Once the records have been read, set every one down as it stands.

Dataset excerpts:
• • •
Lemma Dc_mulE (R : realType) (m : nat) (c v : 'cV[R]_m) i :
  (Dc c *m v) i 0 = c i 0 * v i 0.
Proof. by rewrite /Dc mul_diag_mx !mxE. Qed.

Section Electrical.
Variables (R : realType) (n m : nat) (A : 'M[R]_(n, m)) (b : 'cV[R]_n).
Hypothesis b_range : exists y, A *m y = b.

Definition posvec (c : 'cV[R]_m) := forall i, 0 < c i 0.
Definition laplacian (c : 'cV[R]_m) := A *m Dc c *m A^T.
Definition grad (c : 'cV[R]_m) := A^T *m phi A b c.
Definition flow (c : 'cV[R]_m) := Dc c *m grad c.
Definition eff_res (c : 'cV[R]_m) := bdot b (phi A b c).

Lemma gvecE c i : gvec A b c i 0 = (eff_res c)^-1 * grad c i 0.
Proof. by rewrite mxE. Qed.

Lemma norm1_posvec c : posvec c -> norm1 c = \sum_i c i 0.
Proof. by move=> pc; apply: eq_bigr => i _; rewrite ger0_norm // ltW. Qed.

Lemma weighted_sqr_sum_eq0 c (x : 'cV[R]_m) : posvec c ->
  \sum_i c i 0 * x i 0 ^+ 2 = 0 -> x = 0.
Proof.
move=> pc sum0; apply/colP => i; rewrite mxE; apply/eqP.
have term_ge0 j : 0 <= c j 0 * x j 0 ^+ 2 by rewrite mulr_ge0 ?sqr_ge0 ?ltW.
have /eqP := psumr_eq0P (fun j _ => term_ge0 j) sum0 (i := i) isT.
by rewrite mulf_eq0 sqrf_eq0 gt_eqF.
Qed.

Lemma laplacian_quad c (v : 'cV[R]_n) :
  (v^T *m laplacian c *m v) 0 0 = \sum_i c i 0 * (A^T *m v) i 0 ^+ 2.
Proof.
have -> : v^T *m laplacian c *m v = (A^T *m v)^T *m (Dc c *m (A^T *m v)).
  by rewrite /laplacian trmx_mul trmxK !mulmxA.
by rewrite dot_colE; apply: eq_bigr => i _; rewrite Dc_mulE; ring.
Qed.

(* The residual v = b - L L^+ b is orthogonal to the range of L, hence
   v^T L v = 0, so A^T v = 0; as b = A y, this gives v^T v = 0. *)
Lemma laplacian_phi c : posvec c -> laplacian c *m phi A b c = b.
Proof.
move=> pc; have [y Ay] := b_range.
have [LXL _ LX_sym _] := mpinvP (laplacian c).
set L := laplacian c; set X := mpinv L.
set v := b - L *m X *m b.
have vL0 : v^T *m L = 0.
  by rewrite /v linearB /= trmx_mul LX_sym mulmxBl -(mulmxA _ _ L) LXL subrr.
have ATv0 : A^T *m v = 0.
  apply: (weighted_sqr_sum_eq0 pc).
  by rewrite -laplacian_quad -/L vL0 mul0mx mxE.
have vv0 : v^T *m v = 0.
  rewrite {2}/v mulmxBr -{1}Ay mulmxA -(trmxK A) -trmx_mul ATv0 trmx0 mul0mx.
  by rewrite [v^T *m _]mulmxA [v^T *m _]mulmxA vL0 !mul0mx subrr.
have /eqP : v = 0.
  by apply: trmx_inj; rewrite trmx0; apply: mulmx_tr_self_eq0; rewrite trmxK.
by rewrite subr_eq0 mulmxA => /eqP <-.
Qed.

Lemma flow_routes c : posvec c -> A *m flow c = b.
Proof. by move=> pc; rewrite -[RHS](laplacian_phi pc) /flow /grad !mulmxA. Qed.

Lemma eff_res_dot c y : A *m y = b -> eff_res c = \sum_i y i 0 * grad c i 0.
Proof. by move=> Ay; rewrite /eff_res /bdot -{1}Ay trmx_mul -mulmxA dot_colE. Qed.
• • •
> Your response
Lemma Dc_mulE (R : realType) (m : nat) (c v : 'cV[R]_m) i :
  (Dc c *m v) i 0 = c i 0 * v i 0.
Proof. by rewrite /Dc mul_diag_mx !mxE. Qed.

Section Electrical.
Variables (R : realType) (n m : nat) (A : 'M[R]_(n, m)) (b : 'cV[R]_n).
Hypothesis b_range : exists y, A *m y = b.

Definition posvec (c : 'cV[R]_m) := forall i, 0 < c i 0.
Definition laplacian (c : 'cV[R]_m) := A *m Dc c *m A^T.
Definition grad (c : 'cV[R]_m) := A^T *m phi A b c.
Definition flow (c : 'cV[R]_m) := Dc c *m grad c.
Definition eff_res (c : 'cV[R]_m) := bdot b (phi A b c).

Lemma gvecE c i : gvec A b c i 0 = (eff_res c)^-1 * grad c i 0.
Proof. by rewrite mxE. Qed.

Lemma norm1_posvec c : posvec c -> norm1 c = \sum_i c i 0.
Proof. by move=> pc; apply: eq_bigr => i _; rewrite ger0_norm // ltW. Qed.

Lemma weighted_sqr_sum_eq0 c (x : 'cV[R]_m) : posvec c ->
  \sum_i c i 0 * x i 0 ^+ 2 = 0 -> x = 0.
Proof.
move=> pc sum0; apply/colP => i; rewrite mxE; apply/eqP.
have term_ge0 j : 0 <= c j 0 * x j 0 ^+ 2 by rewrite mulr_ge0 ?sqr_ge0 ?ltW.
have /eqP := psumr_eq0P (fun j _ => term_ge0 j) sum0 (i := i) isT.
by rewrite mulf_eq0 sqrf_eq0 gt_eqF.
Qed.

Lemma laplacian_quad c (v : 'cV[R]_n) :
  (v^T *m laplacian c *m v) 0 0 = \sum_i c i 0 * (A^T *m v) i 0 ^+ 2.
Proof.
have -> : v^T *m laplacian c *m v = (A^T *m v)^T *m (Dc c *m (A^T *m v)).
  by rewrite /laplacian trmx_mul trmxK !mulmxA.
by rewrite dot_colE; apply: eq_bigr => i _; rewrite Dc_mulE; ring.
Qed.

(* The residual v = b - L L^+ b is orthogonal to the range of L, hence
   v^T L v = 0, so A^T v = 0; as b = A y, this gives v^T v = 0. *)
Lemma laplacian_phi c : posvec c -> laplacian c *m phi A b c = b.
Proof.
move=> pc; have [y Ay] := b_range.
have [LXL _ LX_sym _] := mpinvP (laplacian c).
set L := laplacian c; set X := mpinv L.
set v := b - L *m X *m b.
have vL0 : v^T *m L = 0.
  by rewrite /v linearB /= trmx_mul LX_sym mulmxBl -(mulmxA _ _ L) LXL subrr.
have ATv0 : A^T *m v = 0.
  apply: (weighted_sqr_sum_eq0 pc).
  by rewrite -laplacian_quad -/L vL0 mul0mx mxE.
have vv0 : v^T *m v = 0.
  rewrite {2}/v mulmxBr -{1}Ay mulmxA -(trmxK A) -trmx_mul ATv0 trmx0 mul0mx.
  by rewrite [v^T *m _]mulmxA [v^T *m _]mulmxA vL0 !mul0mx subrr.
have /eqP : v = 0.
  by apply: trmx_inj; rewrite trmx0; apply: mulmx_tr_self_eq0; rewrite trmxK.
by rewrite subr_eq0 mulmxA => /eqP <-.
Qed.

Lemma flow_routes c : posvec c -> A *m flow c = b.
Proof. by move=> pc; rewrite -[RHS](laplacian_phi pc) /flow /grad !mulmxA. Qed.

Lemma eff_res_dot c y : A *m y = b -> eff_res c = \sum_i y i 0 * grad c i 0.
Proof. by move=> Ay; rewrite /eff_res /bdot -{1}Ay trmx_mul -mulmxA dot_colE. Qed.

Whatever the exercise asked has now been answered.